In Toronto, Air Canada canceled its service to and from Tel Aviv on Tuesday, adding on Twitter it would “continue to evaluate going forward and update.”
British Airways, however, maintained their flights.
“We continue to operate as normal,” a British Airways spokesman said. “Safety and security are our highest priorities and we continue to monitor the situation closely.”
Delta said it had diverted its Tel Aviv-bound flight after “reports of a rocket or associated debris” near Ben Gurion airport.

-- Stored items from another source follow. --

Lemma h_coef_eq m : h_coef nbar th2 m =
  2 * sin (b_ (S m)) * cos (b_ (S m)) * cos (a_ (S m)).
Proof.
  unfold h_coef. rewrite theta2_angle, sin_2a.
  replace (theta1 nbar * sqrt (INR (S m) + 1) / 2) with (a_ (S m))
    by (rewrite theta1_angle; field).
  rewrite S_INR. pose proof (sqrt_succ_pos m). field. lra.
Qed.

Definition rate_up (n : nat) : R := g_coef nbar th2 (S n) ^ 2.
Definition rate_stay (n : nat) : R := e_coef nbar th2 n ^ 2.
Definition rate_down (n : nat) : R :=
  match n with O => 0 | S m => h_coef nbar th2 m ^ 2 end.

Lemma rate_up_eq n : rate_up n = 4 * cos (b_ n) ^ 4 * sin (a_ n) ^ 2 * cos (a_ n) ^ 2.
Proof. unfold rate_up. rewrite g_coef_S. ring. Qed.

Lemma rate_down_eq n : rate_down n = 4 * sin (b_ n) ^ 2 * cos (b_ n) ^ 2 * cos (a_ n) ^ 2.
Proof.
  destruct n as [|m]; simpl rate_down.
  - rewrite b_zero, sin_0. ring.
  - rewrite h_coef_eq. ring.
Qed.

Lemma rates_sum n : rate_up n + rate_stay n + rate_down n = 1.
Proof.
  unfold rate_stay. rewrite rate_up_eq, rate_down_eq, e_coef_eq.
  pose proof (sin2_cos2 (a_ n)) as Ea. pose proof (sin2_cos2 (b_ n)) as Eb.
  unfold Rsqr in Ea, Eb.
  replace (sin (a_ n) ^ 2) with (1 - cos (a_ n) ^ 2) by (simpl; lra).
  replace (sin (b_ n) ^ 2) with (1 - cos (b_ n) ^ 2) by (simpl; lra).
  ring.
Qed.

End Rates.

Section Angles.
Variable nbar : nat.

Lemma a_eq n : a_ nbar n = PI / 2 * sqrt ((INR n + 1) / (INR nbar + 1)).
Proof. unfold a_, alpha. field. Qed.

Lemma sqrt_lt_const x c : 0 <= x -> 0 < c -> x < c * c -> sqrt x < c.
Proof. intros. rewrite <- (sqrt_square c) by lra. apply sqrt_lt_1_alt. lra. Qed.

Lemma a_below n : (n < nbar)%nat -> 0 < a_ nbar n < PI / 2.
Proof.
  intros H. apply lt_INR in H. pose proof (pos_INR n). pose proof PI_RGT_0.
  assert (Hr : 0 < (INR n + 1) / (INR nbar + 1) < 1 * 1).
  { split; [apply Rdiv_lt_0_compat; lra|]. apply Rmult_lt_reg_r with (INR nbar + 1); [lra|].
    field_simplify; lra. }
  pose proof (sqrt_lt_R0 _ (proj1 Hr)).
  assert (sqrt ((INR n + 1) / (INR nbar + 1)) < 1) by (apply sqrt_lt_const; lra).
  rewrite a_eq. nra.
Qed.

Lemma a_at_nbar : a_ nbar nbar = PI / 2.
Proof.
  rewrite a_eq. replace ((INR nbar + 1) / (INR nbar + 1)) with 1
    by (field; pose proof (pos_INR nbar); lra).
  rewrite sqrt_1. ring.
Qed.

Lemma a_above n : (nbar < n < 4 * nbar + 3)%nat -> PI / 2 < a_ nbar n < PI.
Proof.
  intros [H1 H2]. apply lt_INR in H1, H2. rewrite plus_INR, mult_INR in H2. simpl in H2.
  pose proof (pos_INR nbar). pose proof PI_RGT_0.
  assert (Hr : 1 * 1 < (INR n + 1) / (INR nbar + 1) < 2 * 2).
  { split; apply Rmult_lt_reg_r with (INR nbar + 1); try lra; field_simplify; try lra. }
  assert (1 < sqrt ((INR n + 1) / (INR nbar + 1))).
  { rewrite <- sqrt_1 at 1. apply sqrt_lt_1_alt. lra. }
  assert (sqrt ((INR n + 1) / (INR nbar + 1)) < 2) by (apply sqrt_lt_const; lra).
  rewrite a_eq. nra.
Qed.

Lemma a_top : a_ nbar (4 * nbar + 3) = PI.
Proof.
  rewrite a_eq. replace ((INR (4 * nbar + 3) + 1) / (INR nbar + 1)) with (2 * 2).
  - rewrite sqrt_square by lra. field.
  - rewrite plus_INR, mult_INR. simpl. field. pose proof (pos_INR nbar). lra.
Qed.

End Angles.

Lemma sq_pos x : x <> 0 -> 0 < x ^ 2.
Proof. intros H. pose proof (Rsqr_pos_lt x H). unfold Rsqr in *. simpl. lra. Qed.

Lemma sin_sq_le_1 x : sin x ^ 2 <= 1.
Proof. pose proof (sin2_cos2 x). unfold Rsqr in *. simpl. nra. Qed.

Lemma cos_sq_le_1 x : cos x ^ 2 <= 1.
Proof. pose proof (sin2_cos2 x). unfold Rsqr in *. simpl. nra. Qed.

Ltac prod_pos := repeat match goal with
  | |- 0 < _ * _ => apply Rmult_lt_0_compat
  | |- _ * _ > 0 => apply Rmult_lt_0_compat
  end.

Section Lyapunov.
Variables (nbar : nat) (th2 eta : R) (f : nat -> R).
Hypothesis htheta2 : 0 < th2.
Hypothesis hres : forall (n k : nat), (1 <= n <= 4 * nbar + 3)%nat ->
  th2 <> INR k * PI / sqrt (INR n).
Hypothesis heta : 0 < eta < 1.
Hypothesis hf : f_spec nbar th2 eta f.

(** Non-resonance: on the levels [1..4 nbar + 3] the half angle [b_n] is
    never a multiple of [pi/4], so [sin b_n] and [cos b_n] do not vanish. *)
Lemma b_nonresonant n (z : Z) : (1 <= n <= 4 * nbar + 3)%nat ->
  b_ th2 n <> IZR z * (PI / 4).
Proof.
  intros Hn E. pose proof PI_RGT_0.
  assert (Hs : 0 < sqrt (INR n)) by (apply sqrt_lt_R0, lt_0_INR; lia).
  assert (Hz : (0 <= z)%Z).
  { apply le_IZR. unfold b_, beta in E. nra. }
  apply (hres n (Z.to_nat z) Hn).
  rewrite INR_IZR_INZ, Z2Nat.id by auto.
  unfold b_, beta in E. field_simplify_eq; [|lra]. lra.
Qed.

Lemma sin_b_nonzero n : (1 <= n <= 4 * nbar + 3)%nat -> sin (b_ th2 n) <> 0.
Proof.
  intros Hn E. apply sin_eq_0_0 in E as [k Hk].
  apply (b_nonresonant n (4 * k) Hn). rewrite Hk, mult_IZR. field.
Qed.

Lemma cos_b_nonzero n : (1 <= n <= 4 * nbar + 3)%nat -> cos (b_ th2 n) <> 0.
Proof.
  intros Hn E. apply cos_eq_0_0 in E as [k Hk].
  apply (b_nonresonant n (4 * k + 2) Hn). rewrite Hk, plus_IZR, mult_IZR. field.
Qed.

Lemma f_increasing_above n : (nbar < n <= 4 * nbar + 3)%nat ->
  f (pred n) < f n /\ 1 <= f n.
Proof.
  destruct hf as (f0 & f1 & _ & _ & fup & _).
  intros Hn. replace n with (S nbar + (n - S nbar))%nat by lia.
  assert (Hk : (n - S nbar <= 3 * nbar + 2)%nat) by lia.
  induction (n - S nbar)%nat as [|k IH].
  - rewrite Nat.add_0_r. simpl pred. rewrite f0, f1. lra.
  - destruct (IH ltac:(lia)) as [IH1 IH2].
    set (m := (S nbar + k)%nat) in *.
    replace (S nbar + S k)%nat with (S m) by (unfold m; lia).
    change (pred (S m)) with m.
    rewrite (fup m) by (unfold m; lia). fold (b_ th2 m).
    pose proof (sq_pos _ (sin_b_nonzero m ltac:(unfold m; lia))).
    assert (0 < eta * sin (b_ th2 m) ^ 2 * (f m - f (pred m))) by (prod_pos; lra).
    lra.
Qed.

“Delta, in coordination with the US Federal Aviation Administration, is doing so to ensure the safety and security of our customers and employees,” it said in a statement.
US Airways meanwhile told AFP in a Twitter exchange it had canceled its flights Tuesday between Philadelphia and Tel Aviv.
Meanwhile, United said: “We’re suspending operations to/from Tel Aviv until further notice. We’ll continue to evaluate the situation.”
Delta, which links Tel Aviv with New York’s John F. Kennedy International Airport, said it was “working to reaccommodate” passengers on its Paris-diverted flight.
Israeli Prime Minister Benjamin Netanyahu appealed to US Secretary of State John Kerry to lift the ban.
“Netanyahu spoke this evening with … Kerry and asked him to act to restore flights by American airline companies to Israel,” sources in Netanyahu’s office told AFP.
Kerry said the order would be reviewed within in a day and told Netanyahu the ban was solely due to safety concerns, State Department spokeswoman Jen Psaki said.
A US official said the Obama administration would not “overrule the FAA” on a security precaution but noted the ban would be reviewed after 24 hours.
But US billionaire Michael Bloomberg said that he was flying to Tel Aviv by Israeli carrier El Al to show solidarity with the Zionist state.
“The flight restrictions are a mistake that hands Hamas an undeserved victory and should be lifted immediately,” the former New York mayor wrote on his official Twitter account.
Kerry also personally defied the ban, jetting in from Cairo to Ben Gurion airport to try to broker an end to violence in Gaza, with reporters banned from reporting the trip until his custom Boeing 757 touched down.